IBM once received 70 percent of all money spent on computer purchases. GM once dominated 60 percent of the US auto market. Sony once controlled the market for personal portable music. CompuServe and Prodigy once battled for control of the internet. Lehman Brothers and Bear Sterns were investment giants, and they disappeared overnight. Most of the largest churches from fifty years ago have little influence today.
These weren’t stupid people. They were simply blinded by their success. They overtrusted the recipe.
ADULATION
A final danger of success is that it creates an aura of invincibility and, with it, unwarranted adulation.
Adulation is a close cousin to arrogance and just as dangerous.
When arrogance strikes, we stop listening to our critics. When adulation strikes, we no longer have critics. Both will mess you up. Big time.
Adulation tends to silence the hard questions that need to be asked. When everyone around you assumes that you are right, no one wants to be the jerk who foolishly challenges the expert. No one wants to risk saying something stupid. So even if they have doubts, most people will keep their doubts to themselves.

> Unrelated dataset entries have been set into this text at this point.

(* Let $(\mathscr C,A,\psi)$ be an entwining structure and let $S_\psi: {_A^{\mathscr C}}Ctr(\psi)\longrightarrow {^\mathscr C}Ctr$ be the forgetful functor. Then $(S_\psi,T_\psi)$ is a pair of adjoint functors, i.e. ${^\mathscr C}Ctr(S_\psi(\mathcal M),\mathcal N)\cong {_A^{\mathscr C}}Ctr(\psi)(\mathcal M,T_\psi(\mathcal N))$ naturally in $\mathcal M\in{_A^{\mathscr C}}Ctr(\psi)$, $\mathcal N\in{^\mathscr C}Ctr$.
   Context: $K$ is a field, $(U',U):=Hom_K(U',U)$. $\mathscr C$ is a coalgebra with several objects (objects $Ob(\mathscr C)$, vector spaces $\mathscr C(X,Y)$, coassociative counital maps $\delta_{XYZ}:\mathscr C(X,Z)\to\mathscr C(Y,Z)\otimes\mathscr C(X,Y)$, $f\mapsto f_{Y1}\otimes f_{Y2}$, and $\epsilon_X:\mathscr C(X,X)\to K$). $A$ is a $K$-algebra and $\psi=\{\psi_{XY}:\mathscr C(X,Y)\otimes A\to A\otimes\mathscr C(X,Y)\}$, written $\psi(f\otimes a)=a_\psi\otimes f^\psi$, is an entwining: $a_\psi\otimes\delta_{XYZ}(f^\psi)=a_{\psi\psi}\otimes f_{Y1}^\psi\otimes f_{Y2}^\psi$, $(ab)_\psi\otimes f^\psi=a_\psi b_\psi\otimes f^{\psi\psi}$, $\psi(f\otimes1)=1\otimes f$, $a_\psi\epsilon_Z(g^\psi)=\epsilon_Z(g)a$. ${^\mathscr C}Ctr$ is the category of left $\mathscr C$-contramodules $(\mathcal M,\pi)$: vector spaces $\mathcal M(X)$ with maps $\pi_{XY}:(\mathscr C(X,Y),\mathcal M(Y))\to\mathcal M(X)$ satisfying $\pi_{XZ}\circ(\delta_{XYZ},\mathcal M(Z))=\pi_{XY}\circ(\mathscr C(X,Y),\pi_{YZ})$ and $\pi_{XX}\circ(\epsilon_X,\mathcal M(X))=id$. An entwined contramodule is a contramodule $(\mathcal M,\pi)$ with left $A$-module structures $\mu_X:\mathcal M(X)\to(A,\mathcal M(X))$ such that $\mu_X\circ\pi_{XY}=(A,\pi_{XY})\circ(\psi_{XY},\mathcal M(Y))\circ(\mathscr C(X,Y),\mu_Y)$ (using $(\mathscr C(X,Y),(A,\mathcal M(Y)))\cong(A\otimes\mathscr C(X,Y),\mathcal M(Y))$ and $(\mathscr C(X,Y)\otimes A,\mathcal M(Y))\cong(A,(\mathscr C(X,Y),\mathcal M(Y)))$); morphisms are contramodule morphisms that are objectwise $A$-linear; the category is ${_A^{\mathscr C}}Ctr(\psi)$. The functor $T_\psi:{^\mathscr C}Ctr\to{_A^{\mathscr C}}Ctr(\psi)$ sends $\mathcal M$ to $T_\psi(\mathcal M)(X):=(A,\mathcal M(X))$ with $A$-action induced by multiplication of $A$ and contramodule structure $(\mathscr C(X,Y),A,\mathcal M(Y))\xrightarrow{(\psi_{XY},\mathcal M(Y))}(A,\mathscr C(X,Y),\mathcal M(Y))\xrightarrow{(A,\pi_{XY})}(A,\mathcal M(X))$. *)

From HB Require Import structures.
From mathcomp Require Import all_boot all_order all_algebra.
From mathcomp Require Import boolp.
Set Implicit Arguments. Unset Strict Implicit. Unset Printing Implicit Defensive.
Import GRing.Theory.
Local Open Scope ring_scope.
Lemma nc_coef_ser_pow_lt n m v : (m < n)%N -> nc_coef (ser_pow C n m) v = 0.
Proof.
elim: n m v => // n IH m v mn; rewrite nc_coef_ser_powS /antidiag big1_seq // => i.
rewrite mem_index_iota => /andP[_ im]; case: i im => [|i] im.
  by rewrite C0 nc_coef_nil.
rewrite (nc_mul_eqr _ (g' := nc_zero)) => [|w]; last by rewrite IH ?nc_coef_nil //; lia.
by rewrite nc_coef_mul -(nc_sum0 (C i.+1)); apply: eq_nc_sum => u; apply: nc_sum_nil.
Qed.

Lemma nc_coef_ser_geom_sum N m v : (m < N)%N ->
  \sum_(0 <= n < N) nc_coef (ser_pow C n m) v = nc_coef (ser_geom C m) v.
Proof.
move=> mN; rewrite nc_coef_ser_geom (big_cat_nat _ (n := m.+1)) //= [X in _ + X]big1_seq ?addr0 //.
by move=> n /andP[_]; rewrite mem_index_iota => /andP[mn _]; apply: nc_coef_ser_pow_lt.
Qed.

Lemma nc_coef_ser_geom_nil m : nc_coef (ser_geom C m) [::] = (m == 0)%N%:R.
Proof.
rewrite nc_coef_ser_geom big_nat_recl // nc_coef_ser_one eqxx andbT big1 ?addr0 // => n _.
by rewrite nc_coef_ser_powS /antidiag big1 // => i _; rewrite nc_coef_mul_zletters_nil.
Qed.

Lemma nc_coef_ser_geom_zw m a v : (0 < a)%N ->
  nc_coef (ser_geom C m) (zw a ++ v) =
  antidiag m (fun i j => nc_coef (C i) (zw a) * nc_coef (ser_geom C j) v).
Proof.
move=> a0; rewrite nc_coef_ser_geom big_nat_recl // nc_coef_ser_one zw_cat_nil andbF add0r.
under eq_bigr do rewrite nc_coef_ser_powS.
rewrite /antidiag exchange_big /=; apply: eq_big_nat => i /andP[_ im].
under eq_bigr do rewrite nc_coef_mul_zletters //.
rewrite -mulr_sumr; case: i im => [|i] im; first by rewrite C0 nc_coef_nil !mul0r.
by rewrite nc_coef_ser_geom_sum //; lia.
Qed.

Lemma nc_h1_ser_pow n m : nc_h1 (ser_pow C n m).
Proof.
elim: n m => [|n IH] m; first by rewrite /= /ser_one; case: eqP.
apply: nc_h1_flatten; apply/allP => _ /mapP[i _ ->].
exact: nc_h1_mul (nc_h1_zletters (@Cz i)) (IH _).
Qed.

Lemma nc_h1_ser_geom m : nc_h1 (ser_geom C m).
Proof. by apply: nc_h1_flatten; apply/allP => _ /mapP[n _ ->]; apply: nc_h1_ser_pow. Qed.

(* The three hypotheses on [F] say that F lies in h^1[[u]] and that F = 1 + C F. *)
Lemma ser_geom_unique (F : ser) :
    (forall m, nc_h1 (F m)) ->
    (forall m, nc_coef (F m) [::] = (m == 0)%N%:R) ->
    (forall m a w, (0 < a)%N -> nc_coef (F m) (zw a ++ w) =
       antidiag m (fun i j => nc_coef (C i) (zw a) * nc_coef (F j) w)) ->
  ser_eq F (ser_geom C).
Proof.
move=> Fh1 Fnil Fzw m v; elim/word_ind: v m => [|a w a0 IH|v hv] m.
- by rewrite Fnil nc_coef_ser_geom_nil.
- by rewrite Fzw // nc_coef_ser_geom_zw //; apply: eq_bigr => i _; rewrite IH.
- by rewrite !nc_coef_h1 // nc_h1_ser_geom.
Qed.

End GeometricSeries.

(** * The map S_t *)

Lemma nc_coef_St f v : nc_coef (St f) v = nc_sum (fun w => nc_coef (St_word w) v) f.
Proof.
rewrite nc_coef_flatten big_map; apply: eq_bigr => p _.
by rewrite nc_coef_scale.
Qed.

Lemma St_eq f g : nc_eq f g -> nc_eq (St f) (St g).
Proof. by move=> fg v; rewrite !nc_coef_St (nc_sum_eq _ fg). Qed.

Lemma nc_h1_St_word w : h1_word w -> nc_h1 (St_word w).
Proof.
rewrite /St_word /h1_word; case/lastP: w => [|u a] //; rewrite rev_rcons last_rcons revK => ->.
by apply/allP => _ /allpairsP[[p q] [_ /[!inE]/eqP-> ->]]; rewrite /h1_word last_cat.
Qed.

Lemma nc_h1_St f : nc_h1 f -> nc_h1 (St f).
Proof.
move=> /allP hf; apply: nc_h1_flatten; apply/allP => _ /mapP[p /hf hp ->].
exact/nc_h1_scale/nc_h1_St_word.
Qed.

Definition sigma_letter_coef (a c : bool) : Qt :=
  if a then (if c then 1 else 'X) else (~~ c)%:R.

Lemma nc_coef_sigma_letter a c : nc_coef (sigma_letter a) [:: c] = sigma_letter_coef a c.
Proof.
case: a; case: c; rewrite /sigma_letter ?nc_coef_word //.
all: by rewrite /nc_coef !big_cons big_nil /= ?addr0 ?add0r.
Qed.

Lemma nc_coef_sigma_letter_mul a c f v :
  nc_coef (nc_mul (sigma_letter a) f) (c :: v) = sigma_letter_coef a c * nc_coef f v.
Proof.
rewrite -nc_coef_sigma_letter -(@nc_coef_mul_prefix _ _ [:: c]) // => p.
by case: a; rewrite /sigma_letter !inE; [case/orP|]; move=> /eqP-> x; case: c.
Qed.

Lemma nc_coef_sigma_letter_mul_nil a f : nc_coef (nc_mul (sigma_letter a) f) [::] = 0.
Proof. by apply: nc_coef_mul_nil => p; case: a; rewrite !inE; [case/orP|]; move=> /eqP->. Qed.

(* The coefficient of [v] in S_t(w): sigma_t acts letterwise on all letters but the last. *)
Fixpoint St_coef (w v : word) : Qt :=
  match w, v with
  | [::], [::] => 1
  | [:: a], [:: c] => (a == c)%:R
  | a :: (_ :: _) as w', c :: v' => sigma_letter_coef a c * St_coef w' v'
  | _, _ => 0
  end.

Lemma nc_coef_St_word w v : nc_coef (St_word w) v = St_coef w v.
Proof.
rewrite /St_word; case/lastP: w v => [|u a] v; first by rewrite nc_coef_word; case: v.
rewrite rev_rcons revK; elim: u v => [|b u IH] [|c v].
- by rewrite /nc_coef big_cons big_nil /= addr0.
- rewrite /nc_coef big_cons big_nil /= addr0 mulr1.
  by case: v => [|? ?]; case: a; case: c.
- by rewrite /= nc_coef_mulA nc_coef_sigma_letter_mul_nil; case: u {IH}.
- by rewrite /= nc_coef_mulA nc_coef_sigma_letter_mul IH; case: u {IH}.
Qed.

Lemma St_coef_cons a W c v : W != [::] ->
  St_coef (a :: W) (c :: v) = sigma_letter_coef a c * St_coef W v.
Proof. by case: W. Qed.

Lemma St_coef_nil_l v : St_coef [::] v = (v == [::])%:R.
Proof. by case: v. Qed.

Lemma St_coef_nil_r w : w != [::] -> St_coef w [::] = 0.
Proof. by case: w => // a [|]. Qed.

Lemma St_coef_nseq n m W w :
  St_coef (nseq n false ++ true :: W) (nseq m false ++ true :: w) =
  if m == n then St_coef W w
  else if (n < m)%N then 'X * St_coef W (nseq (m - n).-1 false ++ true :: w) else 0.
Proof.
have nseqS_cat k u : nseq k.+1 false ++ u = false :: (nseq k false ++ u) by [].
elim: n m => [|n IH] [|m]; rewrite ?nseqS_cat.
- by case: W => [|d W]; [case: w | rewrite /= mul1r].
- by case: W => [|d W] //; case: m => [|m] /=; rewrite mulr0.
- by rewrite St_coef_cons ?mul0r //; case: (nseq n false).
- by rewrite St_coef_cons ?mul1r ?IH //; case: (nseq n false).
Qed.

Lemma St_coef_zw_cat n a W w : (0 < n)%N -> (0 < a)%N ->
  St_coef (zw n ++ W) (zw a ++ w) =
  if a == n then St_coef W w else if (n < a)%N then 'X * St_coef W (zw (a - n) ++ w) else 0.
Proof.
move=> n0 a0; rewrite !zw_cat St_coef_nseq.
have -> : (a.-1 == n.-1) = (a == n) by apply/eqP/eqP; lia.
have -> : (n.-1 < a.-1)%N = (n < a)%N by lia.
by have -> : (a.-1 - n.-1).-1 = (a - n).-1 by lia.
Qed.

Section PowersOfZk.
Variable k : nat.
Hypothesis k0 : (0 < k)%N.

Definition zw_pow (i : nat) : word := flatten (nseq i (zw k)).

Lemma zw_powS i : zw_pow i.+1 = zw k ++ zw_pow i.
Proof. by []. Qed.

Lemma h1_word_zw_pow i : h1_word (zw_pow i).
Proof. by elim: i => // i IH; rewrite zw_powS h1_word_cat ?h1_word_zw. Qed.

Lemma St_coef_zw_pow_mul i p w : (0 < p)%N ->
  St_coef (zw_pow i) (zw (p * k) ++ w) =
  if (p <= i)%N then 'X ^+ p.-1 * St_coef (zw_pow (i - p)) w else 0.
Proof.
elim: i p => [|i IH] p p0.
  by rewrite St_coef_nil_l zw_cat_nil; case: leqP => //; lia.
rewrite zw_powS St_coef_zw_cat ?muln_gt0 ?p0 //.
have [->|p1] := eqVneq p 1%N; first by rewrite mul1n eqxx expr0 mul1r subSS subn0.
have -> : (p * k == k) = false by apply/negbTE/eqP; nia.
have -> : (k < p * k)%N by nia.
have -> : (p * k - k = p.-1 * k)%N by rewrite -{2}[k]mul1n -mulnBl subn1.
rewrite IH; last by lia.
have -> : (p.-1 <= i)%N = (p <= i.+1)%N by lia.
case: ifP => _; last by rewrite mulr0.
by rewrite mulrA -exprS; congr (_ ^+ _ * St_coef (zw_pow _) w); lia.
Qed.

Lemma St_coef_zw_pow_ndvd i a w : (0 < a)%N -> ~~ (k %| a)%N ->
  St_coef (zw_pow i) (zw a ++ w) = 0.
Proof.
elim: i a => [|i IH] a a0 ka; first by rewrite St_coef_nil_l zw_cat_nil.
rewrite zw_powS St_coef_zw_cat //.
have -> : (a == k) = false by apply: contraNF ka => /eqP->.
case: ltnP => // lt_ka; rewrite IH ?mulr0 //; first by lia.
by apply: contra ka; rewrite -{2}(subnK (ltnW lt_ka)) dvdn_addl.
Qed.

End PowersOfZk.

Lemma nc_coef_z n a : (0 < n)%N -> (0 < a)%N -> nc_coef (z n) (zw a) = (a == n)%:R.
Proof. by move=> n0 a0; rewrite nc_coef_word eq_zw // eq_sym. Qed.

Lemma zletters_scale_z c n : (0 < n)%N -> zletters (nc_scale c (z n)).
Proof. by move=> n0 p /[!inE]/eqP->; exists n. Qed.

Section Proposition.
Variable k : nat.
Hypothesis k0 : (0 < k)%N.

Definition zk_ser : ser := fun i => if i == 1%N then z k else nc_zero.
Definition neg_zk_ser : ser := fun i => if i == 1%N then nc_scale (-1) (z k) else nc_zero.
Definition c_ser : ser := fun i =>
  if (2 <= i)%N then nc_scale ('X ^+ (i - 2) * ('X - 1)) (z (i * k)) else nc_zero.

Lemma zletters_zk_ser i : zletters (zk_ser i).
Proof. by rewrite /zk_ser; case: eqP => // _ p /[!inE]/eqP->; exists k. Qed.

Lemma zletters_neg_zk_ser i : zletters (neg_zk_ser i).
Proof. by rewrite /neg_zk_ser; case: eqP => // _; apply: zletters_scale_z. Qed.

Lemma zletters_c_ser i : zletters (c_ser i).
Proof.
by rewrite /c_ser; case: ifP => // i2; apply: zletters_scale_z; rewrite muln_gt0 k0; lia.
Qed.

Lemma nc_coef_c_ser i a : (0 < a)%N -> nc_coef (c_ser i) (zw a) =
  if (2 <= i)%N && (a == i * k)%N then 'X ^+ (i - 2) * ('X - 1) else 0.
Proof.
move=> a0; rewrite /c_ser; case: ifP => i2; last by rewrite nc_coef_nil.
rewrite andTb nc_coef_scale nc_coef_z ?muln_gt0 ?k0 ?andbT //; last by lia.
by case: eqP; rewrite ?mulr1 ?mulr0.
Qed.

Lemma ser_geom_zk_ser : ser_eq (fun i => nc_word (zw_pow k i)) (ser_geom zk_ser).
Proof.
apply: ser_geom_unique => //; first exact: zletters_zk_ser.
- by move=> m; rewrite /nc_h1 /= h1_word_zw_pow.
- by case=> [|m]; rewrite nc_coef_word // zw_powS zw_cat_nil.
move=> m a w a0; rewrite (@eq_antidiag _ _ (fun i j => if i == 1%N then
    (a == k)%:R * nc_coef (nc_word (zw_pow k j)) w else 0)); last first.
  by move=> i j; rewrite /zk_ser; case: eqP => _; rewrite ?nc_coef_z ?nc_coef_nil ?mul0r.
rewrite antidiag_pick nc_coef_word; case: m => [|m]; first by rewrite eq_sym zw_cat_nil.
by rewrite zw_powS eq_zw_cat // subn1 nc_coef_word -natrM mulnb eq_sym.
Qed.

Definition St_zk_pow i := St (ser_geom zk_ser i).
Definition neg_zk_pow j := ser_geom neg_zk_ser j.

Lemma nc_coef_St_zk_pow i v : nc_coef (St_zk_pow i) v = St_coef (zw_pow k i) v.
Proof. by rewrite -(St_eq (ser_geom_zk_ser i)) nc_coef_St nc_sum_word nc_coef_St_word. Qed.

Lemma nc_h1_St_zk_pow i : nc_h1 (St_zk_pow i).
Proof. exact/nc_h1_St/nc_h1_ser_geom/zletters_zk_ser. Qed.

Lemma nc_h1_neg_zk_pow j : nc_h1 (neg_zk_pow j).
Proof. exact/nc_h1_ser_geom/zletters_neg_zk_ser. Qed.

When that happens, it’s hard to lead well.
Pushback and hard questions are important parts of the innovation process. They derail our dumb ideas. They refine our great ideas. They turn good ideas into great ideas. Without pushback and hard questions, it’s hard to know which is which.
I’ve found that a long string of successes will cause most people to downplay or forget about our mistakes and failures. It’s human nature. Lots of people want gurus who are always right and organizations that never fail.
They don’t exist.
But we wish they did.
Success is a great thing. It’s what we’re all aiming for. But it has its dangers. They remind me of a principle from mountain climbing: the closer you get to the top, the greater the danger you’re surrounded by.
Every mountain climber would rather be approaching the peak than stuck back at base camp. Every leader would rather have success than failure or mediocrity. But only a fool forgets that the higher you go in mountain climbing or leadership, the greater the risk to your future. It’s not a time for cockiness. It’s a time for gratitude and caution. It’s a time to listen to those you might be tempted to write off.